## Problem description
Return, word for word, the lines of the listing below from the one with "symmetry. apply fe_eq. lra." through the one with "is_RInt_gen (fun s", and no other lines.

### Materials provided

Lemma inv_GinvF_continuous v : 0 < v -> continuous (fun v => / GinvF v) v.
Proof.
  intros hv. apply continuity_pt_filterlim, continuity_pt_inv; [|apply Rgt_not_eq, GinvF_pos, hv].
  unfold GinvF. apply (continuity_pt_comp Fe (inv_on_nonneg Ge)); [now apply Fe_cont; lra|].
  destruct (GinvF_spec v) as [_ e]; [lra|]. rewrite <- e.
  apply (inv_on_nonneg_continuous Ge Ge_incr Ge_cont), GinvF_pos, hv.
Qed.

Lemma ex_RInt_inv_GinvF x y : 0 < x -> 0 < y -> ex_RInt (fun v => / GinvF v) x y.
Proof.
  intros hx hy. apply (@ex_RInt_continuous R_CompleteNormedModule). intros z hz.
  apply inv_GinvF_continuous. pose proof (Rmin_glb_lt x y 0 hx hy). lra.
Qed.

Lemma Fprim_eq s : 0 <= s -> Fprim f s = Fe s.
Proof.
  intros hs. apply RInt_ext. intros x hx. rewrite Rmin_left, Rmax_right in hx by lra.
  symmetry. apply fe_eq. lra.
Qed.

Lemma Gamma_eq s : 0 <= s -> Gamma p n g s = Ge s.
Proof.
  intros hs. unfold Gamma, Ge, k. f_equal. apply RInt_ext. intros x hx.
  rewrite Rmin_left, Rmax_right in hx by lra. symmetry. apply ge_eq. lra.
Qed.

Lemma keller_osserman_integrand_eq s : 0 <= s ->
  / inv_on_nonneg (Gamma p n g) (Fprim f s) = / GinvF s.
Proof.
  intros hs. unfold GinvF. rewrite Fprim_eq by exact hs. f_equal.
  apply inv_on_nonneg_ext. exact Gamma_eq.
Qed.

Lemma is_RInt_gen_inv_GinvF l :
  is_RInt_gen (fun s => / inv_on_nonneg (Gamma p n g) (Fprim f s)) (at_point 1) (Rbar_locally p_infty) l ->
  is_RInt_gen (fun v => / GinvF v) (at_point 1) (Rbar_locally p_infty) l.
Proof.
  apply is_RInt_gen_ext. exists (fun x => x = 1) (fun y => 1 < y); [easy | now exists 1 |].
  intros x y -> hy t ht. simpl in ht. rewrite Rmin_left in ht by lra.
  apply keller_osserman_integrand_eq. lra.
Qed.

Section KellerOsserman.
Variable l : R.
Hypothesis hKO : is_RInt_gen (fun v => / GinvF v) (at_point 1) (Rbar_locally p_infty) l.

Lemma RInt_inv_GinvF_le b : 1 <= b -> RInt (fun v => / GinvF v) 1 b <= l.
Proof.
  apply (RInt_le_is_RInt_gen _ l hKO).
  - intros x y hx hy. apply ex_RInt_inv_GinvF; lra.
  - intros x hx. left. apply Rinv_0_lt_compat, GinvF_pos. lra.
Qed.

(* [GinvF] is nondecreasing, so [(b / 2) / GinvF b <= RInt (/ GinvF) (b / 2) b], which tends to 0. *)
Lemma GinvF_growth : exists A, 1 <= A /\ forall v, A <= v -> 4 * v <= eta * GinvF v.
Proof.
  pose proof eta_pos.
  destruct (RInt_half_small _ l hKO (fun x y hx hy => ex_RInt_inv_GinvF x y ltac:(lra) ltac:(lra))
              (eta / 8)) as [B [hB1 hB]]; [lra|].
  exists (B + 2). split; [lra|]. intros v hv. specialize (hB v ltac:(lra)).
  assert (Lo : RInt (fun _ => / GinvF v) (v / 2) v <= RInt (fun v => / GinvF v) (v / 2) v).
  { apply RInt_le; [lra | apply ex_RInt_const | apply ex_RInt_inv_GinvF; lra |].
    intros x hx. apply Rinv_le_contravar; [apply GinvF_pos; lra | apply GinvF_le; lra]. }
  rewrite RInt_const in Lo. change (scal (v - v / 2) (/ GinvF v)) with ((v - v / 2) * / GinvF v) in Lo.
  pose proof (GinvF_pos v ltac:(lra)).
  assert (hlt : (v - v / 2) * / GinvF v < eta / 8) by lra.
  apply (Rmult_lt_compat_r (GinvF v)) in hlt; [|easy].
  rewrite Rmult_assoc, Rinv_l, Rmult_1_r in hlt by lra. lra.
Qed.
End KellerOsserman.

Section Construction.
Variable a : R.
Hypothesis ha : 1 <= a.

Definition slope s := rpow s pconj.
Definition V s := inv_on_nonneg Fe (Fe a + Ge (slope s)).
Definition gquot s := if Rlt_dec 0 s then g (2 * slope s) / s else 0.
(* [drho s = V' s / slope s], so that [V o rho^-1] has derivative [slope o rho^-1]. *)
Definition drho s := pconj * (2 * gquot s + k * p * rpow s (p - 1)) / f (V s).
Definition rho s := RInt drho 0 s.

Lemma slope_ge0 s : 0 <= slope s.
Proof. apply rpow_ge0. Qed.

Lemma slope_incr s t : 0 <= s -> s < t -> slope s < slope t.
Proof. intros. apply rpow_lt; [pose proof pconj_gt1; lra | easy | easy]. Qed.

Lemma slope_le s t : 0 <= s -> s <= t -> slope s <= slope t.
Proof. intros. apply rpow_le; [pose proof pconj_gt1; lra | easy | easy]. Qed.

Lemma slope_continuous s : continuous slope s.
Proof. apply rpow_continuous. pose proof pconj_gt1; lra. Qed.

Lemma slope_eq s : 0 <= s -> slope s = s * rpow s (pconj - 1).
Proof. intros hs. unfold slope. rewrite <- rpow_split by exact hs. f_equal. ring. Qed.

Lemma slope_rpow s : 0 <= s -> rpow (slope s) (p - 1) = s * rpow s (p - 1).
Proof.
  intros hs. unfold slope. rewrite rpow_rpow, <- rpow_split by exact hs. f_equal.
  unfold pconj. field. lra.
Qed.

Lemma V_spec s : 0 <= V s /\ Fe (V s) = Fe a + Ge (slope s).
Proof.
  apply Fe_inv_spec. pose proof (Fe_ge0 a ltac:(lra)). pose proof (Ge_lower (slope s) (slope_ge0 s)).
  pose proof (rpow_ge0 (slope s) p). pose proof k_pos. nra.
Qed.

Lemma V_ge_a s : a <= V s.
Proof.
  destruct (V_spec s) as [h1 h2]. apply (incr_le_inv Fe Fe_incr); [lra|easy|].
  rewrite h2. pose proof (Ge_lower (slope s) (slope_ge0 s)). pose proof (rpow_ge0 (slope s) p).
  pose proof k_pos. nra.
Qed.

Lemma V_pos s : 0 < V s.
Proof. pose proof (V_ge_a s). lra. Qed.

Lemma V_nonpos s : s <= 0 -> V s = a.
Proof.
  intros hs. unfold V, slope. rewrite rpow_nonpos, Ge0, Rplus_0_r by exact hs.
  apply (inv_on_nonneg_K Fe Fe_incr). lra.
Qed.

Lemma V_incr s t : 0 <= s -> s < t -> V s < V t.
Proof.
  intros hs hst. destruct (V_spec s) as [h1 e1]. destruct (V_spec t) as [h2 e2].
  apply (incr_lt_inv Fe Fe_incr); [easy|easy|]. rewrite e1, e2.
  pose proof (Ge_incr _ _ (slope_ge0 s) (slope_incr s t hs hst)). lra.
Qed.

Lemma V_continuous s : continuous V s.
Proof.
  apply (continuous_comp (fun s => Fe a + Ge (slope s)) (inv_on_nonneg Fe)).
  - apply (continuous_plus (fun _ => Fe a) (fun s => Ge (slope s))); [apply continuous_const|].
    apply (continuous_comp slope Ge); [apply slope_continuous|].
    apply continuity_pt_filterlim, Ge_cont, slope_ge0.
  - destruct (V_spec s) as [_ e]. fold (V s). rewrite <- e. apply continuity_pt_filterlim.
    apply (inv_on_nonneg_continuous Fe Fe_incr Fe_cont), V_pos.
Qed.

Lemma V_unbounded M : exists s, 0 <= s /\ M < V s.
Proof.
  destruct (Ge_unbounded (Fe (Rmax M 0 + 1))) as [X [hX hGX]]. pose proof pconj_gt1.
  exists (rpow X (/ pconj)). split; [apply rpow_ge0|].
  assert (E : slope (rpow X (/ pconj)) = X).
  { unfold slope. rewrite rpow_rpow, Rinv_l, rpow_1 by lra. easy. }
  destruct (V_spec (rpow X (/ pconj))) as [h1 h2]. rewrite E in h2.
  pose proof (Rmax_l M 0). pose proof (Rmax_r M 0).
  assert (Rmax M 0 + 1 <= V (rpow X (/ pconj))); [|lra].
  apply (incr_le_inv Fe Fe_incr); [lra|easy|]. rewrite h2. pose proof (Fe_ge0 a ltac:(lra)). lra.
Qed.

######

## Reply
  symmetry. apply fe_eq. lra.
Qed.

Lemma Gamma_eq s : 0 <= s -> Gamma p n g s = Ge s.
Proof.
  intros hs. unfold Gamma, Ge, k. f_equal. apply RInt_ext. intros x hx.
  rewrite Rmin_left, Rmax_right in hx by lra. symmetry. apply ge_eq. lra.
Qed.

Lemma keller_osserman_integrand_eq s : 0 <= s ->
  / inv_on_nonneg (Gamma p n g) (Fprim f s) = / GinvF s.
Proof.
  intros hs. unfold GinvF. rewrite Fprim_eq by exact hs. f_equal.
  apply inv_on_nonneg_ext. exact Gamma_eq.
Qed.

Lemma is_RInt_gen_inv_GinvF l :
  is_RInt_gen (fun s => / inv_on_nonneg (Gamma p n g) (Fprim f s)) (at_point 1) (Rbar_locally p_infty) l ->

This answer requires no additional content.